[The records — start]
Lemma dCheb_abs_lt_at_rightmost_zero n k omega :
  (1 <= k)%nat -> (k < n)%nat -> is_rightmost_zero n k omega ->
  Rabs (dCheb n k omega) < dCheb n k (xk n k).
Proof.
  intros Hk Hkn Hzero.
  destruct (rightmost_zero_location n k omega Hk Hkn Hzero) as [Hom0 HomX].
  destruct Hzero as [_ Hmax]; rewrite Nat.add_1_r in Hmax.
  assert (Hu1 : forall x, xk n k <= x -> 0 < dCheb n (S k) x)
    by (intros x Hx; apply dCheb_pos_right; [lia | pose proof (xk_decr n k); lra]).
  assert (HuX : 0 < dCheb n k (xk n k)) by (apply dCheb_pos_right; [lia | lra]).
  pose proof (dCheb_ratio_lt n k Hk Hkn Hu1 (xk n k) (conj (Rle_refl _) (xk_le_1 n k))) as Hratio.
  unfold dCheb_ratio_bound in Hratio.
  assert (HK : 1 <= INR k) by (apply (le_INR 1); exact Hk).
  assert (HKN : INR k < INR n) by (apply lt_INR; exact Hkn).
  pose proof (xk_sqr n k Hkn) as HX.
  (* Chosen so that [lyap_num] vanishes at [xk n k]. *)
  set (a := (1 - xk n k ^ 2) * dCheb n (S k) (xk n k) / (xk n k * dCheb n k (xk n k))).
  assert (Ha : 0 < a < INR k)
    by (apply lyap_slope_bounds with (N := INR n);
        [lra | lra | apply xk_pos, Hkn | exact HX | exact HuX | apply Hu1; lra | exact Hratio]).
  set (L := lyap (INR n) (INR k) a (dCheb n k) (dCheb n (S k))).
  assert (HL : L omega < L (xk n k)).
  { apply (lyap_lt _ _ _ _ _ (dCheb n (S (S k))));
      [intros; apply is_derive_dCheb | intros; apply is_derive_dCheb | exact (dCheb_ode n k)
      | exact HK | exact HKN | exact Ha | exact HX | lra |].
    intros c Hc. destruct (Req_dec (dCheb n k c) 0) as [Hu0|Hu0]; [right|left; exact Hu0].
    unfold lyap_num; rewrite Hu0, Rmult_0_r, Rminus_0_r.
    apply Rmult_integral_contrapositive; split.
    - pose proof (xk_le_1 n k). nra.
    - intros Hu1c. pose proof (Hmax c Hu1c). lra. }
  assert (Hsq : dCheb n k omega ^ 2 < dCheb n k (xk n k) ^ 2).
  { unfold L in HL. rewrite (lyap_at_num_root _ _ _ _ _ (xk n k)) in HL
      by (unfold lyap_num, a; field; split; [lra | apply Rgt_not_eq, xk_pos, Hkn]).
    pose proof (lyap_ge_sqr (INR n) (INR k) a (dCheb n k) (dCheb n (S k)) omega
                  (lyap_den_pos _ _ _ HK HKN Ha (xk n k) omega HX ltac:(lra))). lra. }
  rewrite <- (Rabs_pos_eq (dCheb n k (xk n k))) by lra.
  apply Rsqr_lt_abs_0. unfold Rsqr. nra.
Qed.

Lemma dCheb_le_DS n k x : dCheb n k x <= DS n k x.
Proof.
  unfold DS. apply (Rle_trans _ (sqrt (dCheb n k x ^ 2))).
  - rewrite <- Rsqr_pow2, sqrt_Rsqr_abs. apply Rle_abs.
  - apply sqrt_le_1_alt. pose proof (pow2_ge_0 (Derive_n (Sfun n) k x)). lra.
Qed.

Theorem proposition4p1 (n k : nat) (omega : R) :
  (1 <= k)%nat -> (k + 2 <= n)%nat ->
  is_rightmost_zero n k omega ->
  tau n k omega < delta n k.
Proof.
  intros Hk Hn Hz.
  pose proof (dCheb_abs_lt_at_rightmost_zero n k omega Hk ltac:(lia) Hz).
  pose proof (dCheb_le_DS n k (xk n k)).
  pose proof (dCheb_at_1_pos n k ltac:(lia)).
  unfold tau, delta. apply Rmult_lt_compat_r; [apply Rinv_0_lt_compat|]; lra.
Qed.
[The records — finish]
About this task: Copy every record precisely, omitting nothing.

Answer for the task:
Lemma dCheb_abs_lt_at_rightmost_zero n k omega :
  (1 <= k)%nat -> (k < n)%nat -> is_rightmost_zero n k omega ->
  Rabs (dCheb n k omega) < dCheb n k (xk n k).
Proof.
  intros Hk Hkn Hzero.
  destruct (rightmost_zero_location n k omega Hk Hkn Hzero) as [Hom0 HomX].
  destruct Hzero as [_ Hmax]; rewrite Nat.add_1_r in Hmax.
  assert (Hu1 : forall x, xk n k <= x -> 0 < dCheb n (S k) x)
    by (intros x Hx; apply dCheb_pos_right; [lia | pose proof (xk_decr n k); lra]).
  assert (HuX : 0 < dCheb n k (xk n k)) by (apply dCheb_pos_right; [lia | lra]).
  pose proof (dCheb_ratio_lt n k Hk Hkn Hu1 (xk n k) (conj (Rle_refl _) (xk_le_1 n k))) as Hratio.
  unfold dCheb_ratio_bound in Hratio.
  assert (HK : 1 <= INR k) by (apply (le_INR 1); exact Hk).
  assert (HKN : INR k < INR n) by (apply lt_INR; exact Hkn).
  pose proof (xk_sqr n k Hkn) as HX.
  (* Chosen so that [lyap_num] vanishes at [xk n k]. *)
  set (a := (1 - xk n k ^ 2) * dCheb n (S k) (xk n k) / (xk n k * dCheb n k (xk n k))).
  assert (Ha : 0 < a < INR k)
    by (apply lyap_slope_bounds with (N := INR n);
        [lra | lra | apply xk_pos, Hkn | exact HX | exact HuX | apply Hu1; lra | exact Hratio]).
  set (L := lyap (INR n) (INR k) a (dCheb n k) (dCheb n (S k))).
  assert (HL : L omega < L (xk n k)).
  { apply (lyap_lt _ _ _ _ _ (dCheb n (S (S k))));
      [intros; apply is_derive_dCheb | intros; apply is_derive_dCheb | exact (dCheb_ode n k)
      | exact HK | exact HKN | exact Ha | exact HX | lra |].
    intros c Hc. destruct (Req_dec (dCheb n k c) 0) as [Hu0|Hu0]; [right|left; exact Hu0].
    unfold lyap_num; rewrite Hu0, Rmult_0_r, Rminus_0_r.
    apply Rmult_integral_contrapositive; split.
    - pose proof (xk_le_1 n k). nra.
    - intros Hu1c. pose proof (Hmax c Hu1c). lra. }
  assert (Hsq : dCheb n k omega ^ 2 < dCheb n k (xk n k) ^ 2).
  { unfold L in HL. rewrite (lyap_at_num_root _ _ _ _ _ (xk n k)) in HL
      by (unfold lyap_num, a; field; split; [lra | apply Rgt_not_eq, xk_pos, Hkn]).
    pose proof (lyap_ge_sqr (INR n) (INR k) a (dCheb n k) (dCheb n (S k)) omega
                  (lyap_den_pos _ _ _ HK HKN Ha (xk n k) omega HX ltac:(lra))). lra. }
  rewrite <- (Rabs_pos_eq (dCheb n k (xk n k))) by lra.
  apply Rsqr_lt_abs_0. unfold Rsqr. nra.
Qed.

Lemma dCheb_le_DS n k x : dCheb n k x <= DS n k x.
Proof.
  unfold DS. apply (Rle_trans _ (sqrt (dCheb n k x ^ 2))).
  - rewrite <- Rsqr_pow2, sqrt_Rsqr_abs. apply Rle_abs.
  - apply sqrt_le_1_alt. pose proof (pow2_ge_0 (Derive_n (Sfun n) k x)). lra.
Qed.

Theorem proposition4p1 (n k : nat) (omega : R) :
  (1 <= k)%nat -> (k + 2 <= n)%nat ->
  is_rightmost_zero n k omega ->
  tau n k omega < delta n k.
Proof.
  intros Hk Hn Hz.
  pose proof (dCheb_abs_lt_at_rightmost_zero n k omega Hk ltac:(lia) Hz).
  pose proof (dCheb_le_DS n k (xk n k)).
  pose proof (dCheb_at_1_pos n k ltac:(lia)).
  unfold tau, delta. apply Rmult_lt_compat_r; [apply Rinv_0_lt_compat|]; lra.
Qed.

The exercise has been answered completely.